As soon as the line containing "by have := incr_below_geq H1" appears in the material below, start returning lines exactly, and end with the line containing "case: P psi".

**Information supplied**
━━━

Definition eface n (i : 'I_n.+1) (alpha : bool) (e : cedge n) : cedge n.+1 :=
  exist _ (vface i alpha (esrc e), lift i (edir e))
    (introT eqP (etrans (vface_lift i alpha (esrc e) (edir e)) (esrc_dir e))).

Lemma eface_tgt n (i : 'I_n.+1) alpha e : etgt (eface i alpha e) = vface i alpha (etgt e).
Proof.
apply/ffunP => k; rewrite etgt_src /=.
case: (unliftP i k) => [k' ->|->].
  by rewrite !vface_lift etgt_src (inj_eq (@lift_inj _ i)).
by rewrite !vface_i (negbTE (neq_lift _ _)).
Qed.

(** * Maps of the box category *)

Definition incr_below q (g : nat -> nat) := forall k k', k < k' -> k' < q -> g k < g k'.

(* The maps of [square] are exactly those copying the letters of [w] to strictly
   increasing positions [g] and filling the other positions with constants [c]. *)
Definition box_pattern q P (g : nat -> nat) (c : nat -> bool) (psi : vert q -> vert P) :=
  [/\ incr_below q g, forall k, k < q -> g k < P &
      forall w (r : 'I_P), (forall k : 'I_q, g k = r -> psi w r = w k) /\
                          ((forall k : 'I_q, g k <> r) -> psi w r = c r)].

Section IncrBelow.
Variables (q : nat) (g : nat -> nat).
Hypothesis Hg : incr_below q g.

Lemma incr_below_le k k' : k <= k' -> k' < q -> g k <= g k'.
Proof. by rewrite leq_eqVlt => /orP [/eqP -> //|lt] lt'; apply/ltnW/Hg. Qed.

Lemma incr_below_geq k : k < q -> k <= g k.
Proof. by elim: k => [//|k IH] lt; have := Hg (ltnSn k) lt; have := IH (ltnW lt); lia. Qed.

Lemma incr_below_gap k j : k <= j -> j < q -> g k + (j - k) <= g j.
Proof.
elim: j => [|j IH] kj jq; first by (have -> : k = 0 by lia); rewrite subnn addn0.
case: (eqVneq k j.+1) => [->|ne]; first by rewrite subnn addn0.
have := IH (ltac:(lia) : k <= j) (ltnW jq); have := Hg (ltnSn j) jq; lia.
Qed.

Lemma incr_below_id : (forall k, k < q -> g k < q) -> forall k, k < q -> g k = k.
Proof.
move=> B k kq; have := incr_below_geq kq.
have := incr_below_gap (ltac:(lia) : k <= q.-1) (ltac:(lia) : q.-1 < q).
have := B _ (ltac:(lia) : q.-1 < q); lia.
Qed.

Lemma incr_below_miss P : q < P -> exists2 r0, r0 < P & forall k, k < q -> g k <> r0.
Proof.
move=> qP; case: (boolP [exists k : 'I_q, g k != k]) => [ex|]; last first.
  move=> /existsPn all; exists q => // k kq.
  by have := all (Ordinal kq); rewrite negbK => /eqP /= ->; lia.
have ex' : exists k, (k < q) && (g k != k).
  by case/existsP: ex => k hk; exists k; rewrite ltn_ord.
case: (ex_minnP ex') => k0 /andP [k0q gk0] min; exists k0; first by lia.
move=> k kq; case: (ltnP k k0) => kk0.
  have /eqP -> : g k == k.
    by apply/negPn/negP => hn; have := min k; rewrite kq hn /= => /(_ isT); lia.
  by lia.
by have := incr_below_geq k0q; have := incr_below_le kk0 kq; move: gk0 => /eqP; lia.
Qed.

End IncrBelow.

Lemma sqmap_pattern q P psi : @sqmap q P psi -> exists g c, box_pattern g c psi.
Proof.
elim => {q P psi} [q | q p f i a Hf [g [c [H1 H2 H3]]]].
  exists id, (fun _ => false); split; first by move=> k k' ? ?.
    by [].
  move=> w r; split; last by move=> /(_ r).
  by move=> k /= E; congr (w _); apply: val_inj.
exists (fun k => bump i (g k)), (fun r : nat => if r == i :> nat then a else c (unbump i r)).
split.
- move=> k k' kk' k'q; have := H1 k k' kk' k'q.
  by rewrite /bump; case: leqP; case: leqP; lia.
- by move=> k kq; have := H2 k kq; rewrite /bump; case: leqP; lia.
move=> w r; rewrite /vface ffunE; case: (unliftP i r) => [r' ->|->].
  have [A1 A2] := H3 w r'; split.
    by move=> k /= E; apply: A1; have := f_equal (unbump i) E; rewrite !bumpK.
  move=> Hn; rewrite /= (negbTE (_ : bump i r' != i)) ?bumpK; last by rewrite eq_sym neq_bump.
  by apply: A2 => k E; apply: (Hn k) => /=; rewrite E.
split; last by rewrite eqxx.
by move=> k /= E; move: (neq_bump i (g k)); rewrite E eqxx.
Qed.

Lemma pattern_sqmap q P g c psi : @box_pattern q P g c psi -> sqmap psi.
Proof.
move=> Hpat; have [d EP] : exists d, P = q + d.
  exists (P - q); case: Hpat => H1 H2 _; case: q {psi} g H1 H2 => [|q] g H1 H2; first lia.
  by have := incr_below_geq H1 (ltnSn q); have := H2 q (ltnSn q); lia.
elim: d q P g c psi EP Hpat => [|d IH] q P g c psi EP [H1 H2 H3].
  rewrite addn0 in EP; subst P.
  have -> : psi = fun w => w.
    apply: functional_extensionality => w; apply/ffunP => r.
    by have [A1 _] := H3 w r; exact: A1 r (incr_below_id H1 H2 (ltn_ord r)).
  exact: sq_id.
case: P psi EP H2 H3 => [|P'] psi EP H2 H3; first by lia.
have [r0 r0P r0n] := incr_below_miss H1 (ltac:(lia) : q < P'.+1).
pose i := Ordinal r0P.
(* [r0] is a position not hit by [g]: split off the face inserting [c r0] there *)
have -> : psi = fun w => vface i (c r0) [ffun r' => psi w (lift i r')].
  apply: functional_extensionality => w; apply/ffunP => r.
  case: (unliftP i r) => [r' ->|->]; first by rewrite vface_lift ffunE.
  by rewrite vface_i; apply: (proj2 (H3 w i)) => k /= E; exact: (r0n k (ltn_ord k) E).
apply/sq_face/(IH q P' (fun k => unbump r0 (g k)) (fun r => c (bump r0 r))); first by lia.
split.
- move=> k k' kk' k'q; have := H1 k k' kk' k'q.
  have := r0n k (ltn_trans kk' k'q); have := r0n k' k'q.
  by rewrite /unbump; case: ltnP; case: ltnP; lia.
- by move=> k kq; have := H2 k kq; have := r0n k kq; move: (r0P); rewrite /unbump; case: ltnP; lia.
move=> w r'; rewrite ffunE; have [A1 A2] := H3 w (lift i r'); split.
  move=> k E; apply: A1 => /=.
  by rewrite -E unbumpK // inE; apply/eqP; exact: r0n k (ltn_ord k).
by move=> Hn; apply: A2 => k /= E; apply: (Hn k); rewrite E bumpK.
Qed.

Lemma box_pattern_pick q P (g : nat -> nat) (c : nat -> bool) :
  incr_below q g -> (forall k, k < q -> g k < P) ->
  box_pattern g c (fun w : vert q =>
    [ffun r : 'I_P => if [pick k : 'I_q | g k == r] is Some k then w k else c r]).
Proof.
move=> H1 H2; have ginj (k k' : 'I_q) : g k = g k' -> k = k'.
  move=> E; apply: val_inj => /=; case: (ltngtP k k') => // lt.
    by have := H1 k k' lt (ltn_ord k'); lia.
  by have := H1 k' k lt (ltn_ord k); lia.
split => // w r; rewrite ffunE; split.
  by move=> k E; case: pickP => [k' /eqP E'|/(_ k)]; [rewrite (ginj k' k) // E' | rewrite E eqxx].
by move=> N; case: pickP => [k' /eqP E'|//]; case: (N k').
Qed.

(** * Non-twisted maps *)

Section Coords.
Variables (d P : nat).
Implicit Types (f : vert d -> vert P) (r : 'I_P) (j : 'I_d).

Definition coord_proj f r j := forall e, f e r = e j.
Definition coord_const f r := exists b, forall e, f e r = b.

Definition nontwisted_coords f :=
  [/\ forall r, coord_const f r \/ exists j, coord_proj f r j,
      forall j, exists r, coord_proj f r j &
      forall j j' r', j.+1 = j' -> coord_proj f r' j' ->
        exists r, r < r' /\ coord_proj f r j].

Lemma coord_projP f r j : reflect (coord_proj f r j) [forall e, f e r == e j].
Proof. by apply: (iffP forallP) => H e; apply/eqP/H. Qed.

Lemma coord_proj_inj f r j j' : coord_proj f r j -> coord_proj f r j' -> j = j'.
Proof. by move=> H H'; have := H (unit_vert j); rewrite H' !ffunE eqxx => /eqP. Qed.

Lemma coord_proj_nonconst f r j : coord_proj f r j -> ~ coord_const f r.
Proof.
move=> H [b Hb]; have := H (unit_vert j); have := H (zero_vert d).
by rewrite !Hb !ffunE eqxx => ->.
Qed.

━━━

**Output of the task**
  by have := incr_below_geq H1 (ltnSn q); have := H2 q (ltnSn q); lia.
elim: d q P g c psi EP Hpat => [|d IH] q P g c psi EP [H1 H2 H3].
  rewrite addn0 in EP; subst P.
  have -> : psi = fun w => w.
    apply: functional_extensionality => w; apply/ffunP => r.
    by have [A1 _] := H3 w r; exact: A1 r (incr_below_id H1 H2 (ltn_ord r)).
  exact: sq_id.
case: P psi EP H2 H3 => [|P'] psi EP H2 H3; first by lia.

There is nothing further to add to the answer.